Abbondanza, dice il giornale britannico, che potrebbe far pensare agli Emirati in futuro di lanciare una sorta di programma di turismo vaccinale anche se al momento l’accesso viene riservato solo ai vip e ai ricchi vacanzieri che sbarcano a Dubai da jet privati e attendono il loro turno godendosi il tempo in hotel di lusso. In realtà il diritto al vaccino sarebbe riservato solo ai residenti e d’altro canto avendo già immunizzato più di sei dei dieci milioni di abitanti, è il Paese che ha condotto una delle più veloci campagne vaccinali al mondo.

Tuttavia, per dirla con le stesse parole di Yuval Noah Harari, è triste vedere come molti ancora non riescono a capire il semplice fatto che fintanto che il virus continuerà a diffondersi nessun Paese potrà sentirsi e dirsi mai al sicuro poiché pur riuscendo a debellarlo entro i propri confini, altrove nel mondo una nuova mutazione potrebbe rendere quel vaccino inefficace e provocare una nuova ondata di contagi.

Secondo le tre lezioni per il futuro che lo storico israeliano ci ha regalato dalle pagine del quotidiano londinese, se il Covid-19 quest’anno continuerà a diffondersi e sarà letale per milioni di persone, oppure se una nuova e più pericolosa pandemia farà la sua comparsa in un futuro non troppo lontano, non potremo dirla né calamità naturale come molti hanno fatto l’anno scorso durante la prima ondata, né tanto meno una punizione divina. Sarà solo un fallimento politico. E quindi un fallimento umano.

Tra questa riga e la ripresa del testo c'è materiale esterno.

Lemma gauss_sum_diag_rows_le k1 k2 : (k1 <= k2 <= n)%N ->
  (gauss_sum x (diag_rows k1) <= gauss_sum x (diag_rows k2))%E.
Proof.
elim: k2 => [|k IH]; first by rewrite leqn0 => /andP[/eqP ->].
rewrite leq_eqVlt ltnS => /andP[/orP[/eqP ->//|k1k] kn].
apply: le_trans (IH _) _; first by rewrite k1k ltnW.
rewrite (diag_rowsS (i := Ordinal kn)) //.
apply: gauss_sum_le_clear_row => //; first exact: diag_rows_diag.
exact: diag_rows_col.
Qed.

Lemma gauss_sum_diag_rows_fin k :
  (k <= n)%N -> gauss_sum x (diag_rows k) \is a fin_num.
Proof.
move=> kn; rewrite ge0_fin_numE; last by apply: esum_ge0 => w _; rewrite lee_fin expR_ge0.
apply: le_lt_trans (gauss_sum_diag_rows_le (k2 := n) _) _; first by rewrite kn leqnn.
by rewrite -ge0_fin_numE ?diag_rowsn ?gauss_sum_diag_fin // esum_ge0 // => w _;
  rewrite lee_fin expR_ge0.
Qed.

End PartialDiagonalization.

Theorem theorem2 (R : realType) (n : nat) (hn : (0 < n)%N)
  (a : 'I_n -> R) (ha : forall i, 0 < a i)
  (M : 'M[R]_n)
  (hupper : forall i j : 'I_n, (j < i)%N -> M i j = 0)
  (hdiag : forall i : 'I_n, M i i = a i)
  (hneq : lattice M <> lattice (diag_mx (\row_i a i)))
  (x : R) (hx : 0 < x) :
  (theta_sum (lattice M) x < theta_sum (lattice (diag_mx (\row_i a i))) x)%E.
Proof.
have [[i [j [ij M_nint]]]|M_int] := pselect
  (exists i j : 'I_n, (i < j)%N /\ forall m : int, M i j / a i <> m%:~R); last first.
  exfalso; apply/hneq/lattice_eq_diag => // i j ij.
  apply: contrapT => no_m; apply: M_int; exists i, j; split => // m Mm.
  by apply: no_m; exists m.
rewrite -(diag_rows0 a M) -(diag_rowsn a M) !theta_sum_lattice ?diag_rows_unit //.
have mono := gauss_sum_diag_rows_le ha hupper hdiag hx.
apply: le_lt_trans (mono 0 i _) _; first by rewrite leq0n (ltnW (ltn_ord i)).
apply: lt_le_trans (mono i.+1 n _); last by rewrite ltn_ord leqnn.
rewrite (diag_rowsS a M (i := i)) //.
apply: (gauss_sum_lt_clear_row (j := j)) => //.
- exact: diag_rows_diag.
- exact: diag_rows_col.
- by rewrite mxE ltnn.
- by rewrite -diag_rowsS // gauss_sum_diag_rows_fin.
Qed.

Ma quali tra i maggiori leader politici al mondo che oggi sono chiamati dal loro ruolo a proporre e applicare soluzioni realmente globali, ci appaiono veramente capaci di riuscirci? Anche se prevalentemente questo non dipende da una loro precisa volontà di giocare con le vite umane, quel che è certo è che siamo di fronte a una incapacità congenita di gestire efficacemente la complessità della situazione.

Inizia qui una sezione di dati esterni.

Lemma wmix_occ_eq (A : eqType) N (ws : seq (seq A)) w w' :
  (forall u, u \in ws -> size u <= N) ->
  (forall x, size x <= N -> occ x w = occ x w') -> WMIX ws w = WMIX ws w'.
Proof.
move=> ws_short H.
have head_eq : occ (head [::] ws) w = occ (head [::] ws) w'.
  case: ws ws_short => [|a l] ws_short; apply: H => //.
  by apply: ws_short; rewrite mem_head.
by apply: eq_in_all => u uin; rewrite /= H ?head_eq ?ws_short.
Qed.

Lemma Mtr_sub_wmix (A : finType) N (ws ws' : seq (seq A)) : 1 <= N ->
  (forall u, u \in ws' -> size u <= N) ->
  (forall f, Mtr N (WMIX ws) f -> Mtr N (WMIX ws') f) ->
  forall w, N <= size w -> WMIX ws w -> WMIX ws' w.
Proof.
move=> N_gt0 ws'_short H w Nw Hw.
have sv : size (take N w) = N by rewrite size_takel.
have [v' [u' [sv' [Hw' ef]]]] : Mtr N (WMIX ws') (mtrN N (walk N (take N w) (drop N w))).
  by apply: H; exists (take N w), (drop N w); rewrite cat_take_drop.
rewrite -(cat_take_drop N w) (wmix_occ_eq (w' := v' ++ u') ws'_short) //.
by apply: mtr_eq_occ => //; rewrite ef.
Qed.

Theorem theorem2 (A : finType) (ws ws' : seq (seq A)) (N : nat)
  (HN : N = \max_(u <- ws ++ ws') size u) (HN1 : 1 <= N) :
  (forall w : seq A, WMIX ws w = WMIX ws' w) <->
  ((forall w : seq A, size w < N -> WMIX ws w = WMIX ws' w) /\
   (forall f : seq (seq A) -> nat, Mtr N (WMIX ws) f <-> Mtr N (WMIX ws') f)).
Proof.
have all_short u : u \in ws ++ ws' -> size u <= N.
  by move=> uin; rewrite HN; apply: leq_bigmax_seq.
have ws_short u : u \in ws -> size u <= N.
  by move=> uin; apply: all_short; rewrite mem_cat uin.
have ws'_short u : u \in ws' -> size u <= N.
  by move=> uin; apply: all_short; rewrite mem_cat uin orbT.
split=> [same | [short_eq Mtr_eq] w].
  split=> // f; split=> -[v [u [sv [Hl ef]]]]; exists v, u.
    by rewrite -same.
  by rewrite same.
have [/short_eq // | Nw] := ltnP (size w) N.
by apply/idP/idP; apply: (@Mtr_sub_wmix _ N) => // f /Mtr_eq.
Qed.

Questo perché la politica nella maggior parte dei casi è un lavoro per il quale sono stati formati o in maniera insufficiente oppure obsoleta, un lavoro che oltretutto viene svolto in un contesto di procedure spesso inefficaci.

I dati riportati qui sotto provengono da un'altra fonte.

(* Let $\mathsf E$ be a small preadditive category and $R=R_{\mathsf E}$ the associated ring. Then the category of c-unital left $R$-modules is naturally equivalent to the category of left $\mathsf E$-modules. The equivalence assigns to a left $\mathsf E$-module $\mathsf P$ the c-unital left $R$-module $P=\prod_{x\in\mathsf E}\mathsf P(x)$, with the action of $R$ on $P$ induced by the action of $\mathsf E$ on $\mathsf P$.
   Context: A small preadditive category is a small category enriched in abelian groups. Its associated ring is $R_{\mathsf E}=\bigoplus_{x,y\in\mathsf E}\mathrm{Hom}_{\mathsf E}(x,y)$, with multiplication given by composition of composable morphisms and zero product for noncomposable ones (a nonunital associative ring when $\mathsf E$ has infinitely many objects). A left $\mathsf E$-module is an additive covariant functor $\mathsf E\to\mathsf{Ab}$. Modules over $R$ are not assumed unital; a left $R$-module $P$ is c-unital if the natural map $P\to\mathrm{Hom}_R(R,P)$, $p\mapsto(r\mapsto rp)$, is an isomorphism. *)

From Stdlib Require Import List ClassicalEpsilon Classical FunctionalExtensionality.
Import ListNotations.

Set Implicit Arguments.

Record Zmod := {
  zcar :> Type;
  zzero : zcar;
  zadd : zcar -> zcar -> zcar;
  zopp : zcar -> zcar;
  zaddA : forall a b c, zadd a (zadd b c) = zadd (zadd a b) c;
  zaddC : forall a b, zadd a b = zadd b a;
  zadd0 : forall a, zadd zzero a = a;
  zaddN : forall a, zadd (zopp a) a = zzero }.
Arguments zzero {_}.
Arguments zadd {_}.
Arguments zopp {_}.
Arguments zaddA {_}.
Arguments zaddC {_}.
Arguments zadd0 {_}.
Arguments zaddN {_}.

Definition additive {A B : Zmod} (f : A -> B) : Prop :=
  forall a b, f (zadd a b) = zadd (f a) (f b).

Lemma z_idem (A : Zmod) (a : A) : zadd a a = a -> a = zzero.
Proof.
  intro H. rewrite <- (zaddN a). rewrite <- H at 3. rewrite zaddA, zaddN, zadd0.
  reflexivity.
Qed.

Lemma zadd00 (A : Zmod) : zadd (@zzero A) zzero = zzero.
Proof. apply zadd0. Qed.
Lemma conn_prob_S_le_T (R : realType) n (p p' : R) : 0 <= p -> 2 * p <= p' <= 1 ->
  conn_prob p (S_edges n) (inl 0%N : svert) (inl 1%N) <=
  conn_prob p' (T_edges n) ptT0 ptT1.
Proof.
move=> p0 hp'; apply: (@conn_prob_le_edge_map R _ _ svert_pt _ _ _ 2) => //.
- move=> e ein; apply: has_edge_dedup; change (edge_img svert_pt e \in T_sides n).
  by rewrite -edge_img_S_edges map_f.
- by move=> e2; rewrite -(count_map (edge_img svert_pt) (same_edge e2)) edge_img_S_edges count_T_sides_le2.
Qed.

Theorem corollary4p10 (R : realType) : p_T R / 2 <= p_S R.
Proof.
apply: crit_param_le_scale => //; first by rewrite ler1n.
by move=> n p p'; apply: conn_prob_S_le_T.
Qed.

Ma rispetto alle nuove dinamiche globali dove quasi certamente gli interessi nazionali e privati prevarranno come al solito sulle iniziative che invece si fondano sul concetto di altruismo, se i leader politici, qualsiasi sia lo schieramento partitico al quale appartengono, non capiscono che la cooperazione globale non è altruismo fine a sé stesso ma è la madre delle soluzioni egoistiche utili a garantire l’interesse nazionale, non avremo appreso la lezione neanche da questa storia.